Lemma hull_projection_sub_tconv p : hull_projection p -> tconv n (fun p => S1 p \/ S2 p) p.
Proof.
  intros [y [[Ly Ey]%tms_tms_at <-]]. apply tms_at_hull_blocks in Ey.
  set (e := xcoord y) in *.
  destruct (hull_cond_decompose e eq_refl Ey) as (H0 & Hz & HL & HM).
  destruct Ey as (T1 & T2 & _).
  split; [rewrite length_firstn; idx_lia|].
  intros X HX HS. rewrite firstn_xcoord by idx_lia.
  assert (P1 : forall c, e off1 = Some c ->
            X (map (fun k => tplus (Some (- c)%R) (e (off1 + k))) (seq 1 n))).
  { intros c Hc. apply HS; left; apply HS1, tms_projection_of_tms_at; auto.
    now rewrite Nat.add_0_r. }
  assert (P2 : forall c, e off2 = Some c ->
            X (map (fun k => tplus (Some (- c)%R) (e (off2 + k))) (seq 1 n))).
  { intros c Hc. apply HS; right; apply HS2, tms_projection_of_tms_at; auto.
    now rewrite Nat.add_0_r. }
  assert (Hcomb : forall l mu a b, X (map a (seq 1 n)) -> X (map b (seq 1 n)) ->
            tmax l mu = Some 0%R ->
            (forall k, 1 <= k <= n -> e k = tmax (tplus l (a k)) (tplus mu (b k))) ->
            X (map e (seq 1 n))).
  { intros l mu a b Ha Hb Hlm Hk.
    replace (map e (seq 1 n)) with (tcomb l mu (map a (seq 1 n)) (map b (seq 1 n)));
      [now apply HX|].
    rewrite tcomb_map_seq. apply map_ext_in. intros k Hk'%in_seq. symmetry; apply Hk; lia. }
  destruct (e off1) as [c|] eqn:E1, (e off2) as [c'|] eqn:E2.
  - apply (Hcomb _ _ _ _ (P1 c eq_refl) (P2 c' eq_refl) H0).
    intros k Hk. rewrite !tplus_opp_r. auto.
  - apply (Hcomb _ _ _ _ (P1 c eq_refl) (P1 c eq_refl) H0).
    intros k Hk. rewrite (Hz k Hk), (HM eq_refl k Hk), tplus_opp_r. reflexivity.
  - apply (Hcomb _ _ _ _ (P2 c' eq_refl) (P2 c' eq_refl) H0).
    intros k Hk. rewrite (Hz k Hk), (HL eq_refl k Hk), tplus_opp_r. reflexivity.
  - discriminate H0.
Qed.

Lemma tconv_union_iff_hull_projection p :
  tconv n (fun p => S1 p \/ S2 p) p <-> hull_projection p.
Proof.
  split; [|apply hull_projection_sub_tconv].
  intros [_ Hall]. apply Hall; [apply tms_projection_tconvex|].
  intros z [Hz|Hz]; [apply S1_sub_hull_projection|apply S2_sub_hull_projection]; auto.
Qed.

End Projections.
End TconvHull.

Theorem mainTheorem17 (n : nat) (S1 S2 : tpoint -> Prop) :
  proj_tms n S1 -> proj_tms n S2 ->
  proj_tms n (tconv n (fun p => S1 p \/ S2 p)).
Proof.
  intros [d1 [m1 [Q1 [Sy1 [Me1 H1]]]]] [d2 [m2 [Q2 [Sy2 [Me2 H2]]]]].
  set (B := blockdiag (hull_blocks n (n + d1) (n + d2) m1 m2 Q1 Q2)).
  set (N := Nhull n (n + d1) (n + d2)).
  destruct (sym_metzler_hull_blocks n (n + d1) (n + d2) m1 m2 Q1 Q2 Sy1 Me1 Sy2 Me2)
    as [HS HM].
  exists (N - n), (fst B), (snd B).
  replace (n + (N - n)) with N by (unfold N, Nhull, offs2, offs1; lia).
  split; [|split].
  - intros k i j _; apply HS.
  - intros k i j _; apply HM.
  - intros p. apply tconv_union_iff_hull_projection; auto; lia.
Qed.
==
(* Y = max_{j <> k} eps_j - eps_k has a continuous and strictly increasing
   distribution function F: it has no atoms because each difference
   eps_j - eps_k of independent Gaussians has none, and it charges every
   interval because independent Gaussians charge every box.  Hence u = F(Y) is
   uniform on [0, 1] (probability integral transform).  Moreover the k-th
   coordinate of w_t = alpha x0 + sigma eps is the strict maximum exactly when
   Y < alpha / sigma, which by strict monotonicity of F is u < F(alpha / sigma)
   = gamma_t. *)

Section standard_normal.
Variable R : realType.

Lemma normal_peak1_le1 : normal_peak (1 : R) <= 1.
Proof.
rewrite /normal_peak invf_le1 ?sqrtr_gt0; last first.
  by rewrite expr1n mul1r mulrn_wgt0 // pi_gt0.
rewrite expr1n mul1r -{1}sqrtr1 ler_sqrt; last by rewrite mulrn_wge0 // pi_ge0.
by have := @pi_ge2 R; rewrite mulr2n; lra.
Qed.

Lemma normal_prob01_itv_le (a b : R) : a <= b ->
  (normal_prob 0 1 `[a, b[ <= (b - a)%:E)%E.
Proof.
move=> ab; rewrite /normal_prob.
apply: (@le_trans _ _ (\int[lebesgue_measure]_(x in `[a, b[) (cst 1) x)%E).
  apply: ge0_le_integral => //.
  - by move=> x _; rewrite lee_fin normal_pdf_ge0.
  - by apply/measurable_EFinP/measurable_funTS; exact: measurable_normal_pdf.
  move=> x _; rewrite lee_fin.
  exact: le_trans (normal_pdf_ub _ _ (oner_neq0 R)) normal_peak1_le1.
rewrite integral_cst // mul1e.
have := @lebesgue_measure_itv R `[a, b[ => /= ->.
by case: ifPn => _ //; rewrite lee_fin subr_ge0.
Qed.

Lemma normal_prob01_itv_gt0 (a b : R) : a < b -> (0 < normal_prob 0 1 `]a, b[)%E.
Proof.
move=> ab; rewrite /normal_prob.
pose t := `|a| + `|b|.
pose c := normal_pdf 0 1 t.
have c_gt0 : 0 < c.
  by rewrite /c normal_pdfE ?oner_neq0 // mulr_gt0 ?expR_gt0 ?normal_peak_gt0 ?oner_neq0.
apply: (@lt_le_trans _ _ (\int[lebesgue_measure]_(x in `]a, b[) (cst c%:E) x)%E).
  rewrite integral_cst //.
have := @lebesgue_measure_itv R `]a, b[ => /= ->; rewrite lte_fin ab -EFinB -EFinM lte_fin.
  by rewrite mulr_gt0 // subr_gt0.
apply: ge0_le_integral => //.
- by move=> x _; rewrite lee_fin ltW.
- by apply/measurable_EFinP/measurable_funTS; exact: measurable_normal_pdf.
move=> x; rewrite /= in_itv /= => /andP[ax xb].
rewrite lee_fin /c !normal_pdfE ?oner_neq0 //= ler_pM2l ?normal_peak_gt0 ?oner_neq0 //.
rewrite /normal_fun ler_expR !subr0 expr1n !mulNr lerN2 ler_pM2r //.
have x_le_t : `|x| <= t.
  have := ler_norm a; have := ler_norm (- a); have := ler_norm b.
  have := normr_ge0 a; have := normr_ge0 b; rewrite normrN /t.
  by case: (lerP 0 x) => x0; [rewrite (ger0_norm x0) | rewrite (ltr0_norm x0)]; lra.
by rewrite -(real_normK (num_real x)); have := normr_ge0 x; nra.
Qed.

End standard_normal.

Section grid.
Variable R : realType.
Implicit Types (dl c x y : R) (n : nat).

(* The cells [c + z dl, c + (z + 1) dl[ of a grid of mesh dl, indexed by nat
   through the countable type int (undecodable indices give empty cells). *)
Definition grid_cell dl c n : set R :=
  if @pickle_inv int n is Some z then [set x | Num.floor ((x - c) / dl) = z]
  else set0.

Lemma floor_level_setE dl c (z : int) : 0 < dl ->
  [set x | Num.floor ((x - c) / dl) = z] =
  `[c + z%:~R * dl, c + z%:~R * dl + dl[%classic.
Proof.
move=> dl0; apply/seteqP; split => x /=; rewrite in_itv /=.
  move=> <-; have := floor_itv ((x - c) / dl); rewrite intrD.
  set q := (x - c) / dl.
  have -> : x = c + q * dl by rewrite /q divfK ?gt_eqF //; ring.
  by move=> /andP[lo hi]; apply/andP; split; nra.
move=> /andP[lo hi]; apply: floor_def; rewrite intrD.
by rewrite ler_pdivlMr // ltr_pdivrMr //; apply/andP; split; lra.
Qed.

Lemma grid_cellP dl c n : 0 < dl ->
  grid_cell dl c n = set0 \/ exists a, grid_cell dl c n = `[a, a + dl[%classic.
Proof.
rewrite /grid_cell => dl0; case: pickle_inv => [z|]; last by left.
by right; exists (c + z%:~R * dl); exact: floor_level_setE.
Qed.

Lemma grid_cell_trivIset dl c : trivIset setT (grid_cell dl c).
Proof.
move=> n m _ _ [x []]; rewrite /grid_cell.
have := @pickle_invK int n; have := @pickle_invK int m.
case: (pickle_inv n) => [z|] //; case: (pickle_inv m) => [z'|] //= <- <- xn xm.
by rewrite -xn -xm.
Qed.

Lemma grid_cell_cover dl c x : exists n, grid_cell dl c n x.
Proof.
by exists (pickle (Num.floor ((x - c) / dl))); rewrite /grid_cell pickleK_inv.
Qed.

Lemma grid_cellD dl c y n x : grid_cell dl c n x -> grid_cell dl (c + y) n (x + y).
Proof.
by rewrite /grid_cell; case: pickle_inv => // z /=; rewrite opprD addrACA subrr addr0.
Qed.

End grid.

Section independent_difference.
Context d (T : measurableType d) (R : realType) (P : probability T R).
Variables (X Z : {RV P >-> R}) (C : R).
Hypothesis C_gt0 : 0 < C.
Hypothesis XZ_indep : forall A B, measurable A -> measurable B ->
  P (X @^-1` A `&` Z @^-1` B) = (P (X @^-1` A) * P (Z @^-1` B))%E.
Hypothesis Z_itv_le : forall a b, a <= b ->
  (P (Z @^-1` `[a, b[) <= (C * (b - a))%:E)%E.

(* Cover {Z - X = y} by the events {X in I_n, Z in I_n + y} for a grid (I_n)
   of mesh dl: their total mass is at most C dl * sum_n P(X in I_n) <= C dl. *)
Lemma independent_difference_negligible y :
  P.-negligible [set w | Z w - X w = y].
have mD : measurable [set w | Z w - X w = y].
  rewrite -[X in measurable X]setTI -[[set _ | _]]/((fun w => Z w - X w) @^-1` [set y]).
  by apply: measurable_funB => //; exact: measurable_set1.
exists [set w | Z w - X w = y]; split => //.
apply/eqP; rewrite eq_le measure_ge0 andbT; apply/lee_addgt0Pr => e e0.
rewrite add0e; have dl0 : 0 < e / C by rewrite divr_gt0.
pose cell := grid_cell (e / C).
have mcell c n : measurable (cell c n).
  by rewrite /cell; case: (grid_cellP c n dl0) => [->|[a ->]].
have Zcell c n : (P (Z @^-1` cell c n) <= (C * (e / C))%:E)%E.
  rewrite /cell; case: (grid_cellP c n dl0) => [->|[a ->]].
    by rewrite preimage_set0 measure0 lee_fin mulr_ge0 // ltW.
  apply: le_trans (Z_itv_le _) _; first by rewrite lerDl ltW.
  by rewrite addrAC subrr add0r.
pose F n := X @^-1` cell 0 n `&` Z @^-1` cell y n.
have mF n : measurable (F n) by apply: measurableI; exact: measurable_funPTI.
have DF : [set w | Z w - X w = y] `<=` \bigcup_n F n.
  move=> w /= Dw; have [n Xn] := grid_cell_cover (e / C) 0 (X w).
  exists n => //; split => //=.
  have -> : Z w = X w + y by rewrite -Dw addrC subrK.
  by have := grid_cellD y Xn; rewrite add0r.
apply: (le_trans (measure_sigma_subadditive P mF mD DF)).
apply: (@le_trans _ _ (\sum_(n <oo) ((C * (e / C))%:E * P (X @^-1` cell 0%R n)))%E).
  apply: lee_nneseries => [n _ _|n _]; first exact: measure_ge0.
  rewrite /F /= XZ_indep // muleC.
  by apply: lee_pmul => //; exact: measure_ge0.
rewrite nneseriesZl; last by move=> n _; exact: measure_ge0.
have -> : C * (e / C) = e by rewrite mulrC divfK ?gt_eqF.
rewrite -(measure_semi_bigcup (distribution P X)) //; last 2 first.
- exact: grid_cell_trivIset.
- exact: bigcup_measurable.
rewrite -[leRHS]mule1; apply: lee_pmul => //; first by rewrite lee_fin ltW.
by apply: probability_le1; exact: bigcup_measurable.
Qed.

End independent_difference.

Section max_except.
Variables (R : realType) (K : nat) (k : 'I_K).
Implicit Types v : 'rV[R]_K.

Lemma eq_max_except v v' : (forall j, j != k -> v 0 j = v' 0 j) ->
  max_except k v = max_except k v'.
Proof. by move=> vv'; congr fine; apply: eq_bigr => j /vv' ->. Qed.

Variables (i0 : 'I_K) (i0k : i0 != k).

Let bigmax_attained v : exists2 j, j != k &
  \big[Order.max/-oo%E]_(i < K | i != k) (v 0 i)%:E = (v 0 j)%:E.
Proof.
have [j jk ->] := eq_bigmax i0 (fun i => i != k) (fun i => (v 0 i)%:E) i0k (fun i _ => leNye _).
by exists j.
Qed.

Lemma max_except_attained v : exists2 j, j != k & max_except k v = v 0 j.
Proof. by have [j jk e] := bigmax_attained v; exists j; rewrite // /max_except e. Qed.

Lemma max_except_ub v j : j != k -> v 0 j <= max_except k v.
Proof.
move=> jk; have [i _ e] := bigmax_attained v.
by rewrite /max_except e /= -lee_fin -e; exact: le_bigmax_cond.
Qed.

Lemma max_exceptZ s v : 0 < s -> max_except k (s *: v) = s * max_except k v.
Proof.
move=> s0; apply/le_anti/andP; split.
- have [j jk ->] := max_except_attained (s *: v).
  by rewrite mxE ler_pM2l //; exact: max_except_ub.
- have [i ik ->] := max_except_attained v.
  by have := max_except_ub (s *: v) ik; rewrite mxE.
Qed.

- **Problem to work on**
Every line in the entries above that mentions the word "right" must be shown.

- **Answer to the exercise**
  { intros c Hc. apply HS; right; apply HS2, tms_projection_of_tms_at; auto.
by right; exists (c + z%:~R * dl); exact: floor_level_setE.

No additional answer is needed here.